Below is a block of entries; repeat exactly the lines starting at the line that contains "if val j0 == 0%N" and ending at the line that contains "[multinom (if val", both included.

%%

Lemma mcoeff_Lstep Ls al j0 : lead_var al j0 ->
  (al j0)%:R * (Lstep a Ls)@_al =
  if val j0 == 0%N then (nth 0 Ls (size Ls).-1)@_(al - U_(j0))
  else \sum_(2 <= t < size Ls) a t (val j0).+1 * (nth 0 Ls (size Ls - t))@_(al - U_(j0))
       + a (size Ls) (val j0).+1 * (1 : {mpoly F[d]})@_(al - U_(j0)).
Proof.
move=> lead_j0; have al_pos : (0 < al j0)%N by case/andP: lead_j0.
have al_neq0 : (al j0)%:R != 0 :> F by move/pcharf0P: hchar => ->; rewrite -lt0n.
rewrite /Lstep mcoeffD (mcoeff_sum_Psi_trunc _ lead_j0) (mcoeff_sum_X _ _ lead_j0).
rewrite mulrDr mulrC divfK // mcoeff1 subm1_eq0 //.
case: eqP => [j0_0 | /eqP j0_neq0] /=; first by rewrite j0_0 /= mulr0 addr0.
rewrite lt0n j0_neq0 /= raddf_sum /=; under eq_bigr do rewrite mcoeffZ.
congr (_ + _); case: eqP => [U_al | _]; last by rewrite !mulr0.
by rewrite -U_al mnm1E eqxx mul1r mulr1.
Qed.

End Lseq.

Section WeightedSum.
Variables (F : fieldType) (d : nat) (a : nat -> nat -> F) (n : nat).
Local Notation I := ('I_d * 'I_n.+2)%type.
Implicit Types (f : I -> nat) (e : I).

Definition admissible f := [forall sj : I, ~~ allowed sj ==> (f sj == 0%N)].

Definition weight f := (\sum_(sj : I | allowed sj) val sj.2 * f sj)%N.

Definition gamma_coef f : F :=
  (\prod_(sj : I | allowed sj && (1 <= val sj.1)%N) a (val sj.2) (val sj.1).+1 ^+ f sj)
    / (\prod_(sj : I | allowed sj) ((f sj)`!)%:R).

Definition gamma_mono f : 'X_{1..d} :=
  [multinom (if val s == 0%N then f (s, inord 1)
             else \sum_(j : 'I_n.+2 | (2 <= val j <= n)%N) f (s, j))%N | s < d].

Definition gamma_of N (g : {ffun I -> 'I_N.+1}) : I -> nat := fun sj => val (g sj).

%%

§ **Output below**
  if val j0 == 0%N then (nth 0 Ls (size Ls).-1)@_(al - U_(j0))
  else \sum_(2 <= t < size Ls) a t (val j0).+1 * (nth 0 Ls (size Ls - t))@_(al - U_(j0))
       + a (size Ls) (val j0).+1 * (1 : {mpoly F[d]})@_(al - U_(j0)).
Proof.
move=> lead_j0; have al_pos : (0 < al j0)%N by case/andP: lead_j0.
have al_neq0 : (al j0)%:R != 0 :> F by move/pcharf0P: hchar => ->; rewrite -lt0n.
rewrite /Lstep mcoeffD (mcoeff_sum_Psi_trunc _ lead_j0) (mcoeff_sum_X _ _ lead_j0).
rewrite mulrDr mulrC divfK // mcoeff1 subm1_eq0 //.
case: eqP => [j0_0 | /eqP j0_neq0] /=; first by rewrite j0_0 /= mulr0 addr0.
rewrite lt0n j0_neq0 /= raddf_sum /=; under eq_bigr do rewrite mcoeffZ.
congr (_ + _); case: eqP => [U_al | _]; last by rewrite !mulr0.
by rewrite -U_al mnm1E eqxx mul1r mulr1.
Qed.

End Lseq.

Section WeightedSum.
Variables (F : fieldType) (d : nat) (a : nat -> nat -> F) (n : nat).
Local Notation I := ('I_d * 'I_n.+2)%type.
Implicit Types (f : I -> nat) (e : I).

Definition admissible f := [forall sj : I, ~~ allowed sj ==> (f sj == 0%N)].

Definition weight f := (\sum_(sj : I | allowed sj) val sj.2 * f sj)%N.

Definition gamma_coef f : F :=
  (\prod_(sj : I | allowed sj && (1 <= val sj.1)%N) a (val sj.2) (val sj.1).+1 ^+ f sj)
    / (\prod_(sj : I | allowed sj) ((f sj)`!)%:R).

Definition gamma_mono f : 'X_{1..d} :=
  [multinom (if val s == 0%N then f (s, inord 1)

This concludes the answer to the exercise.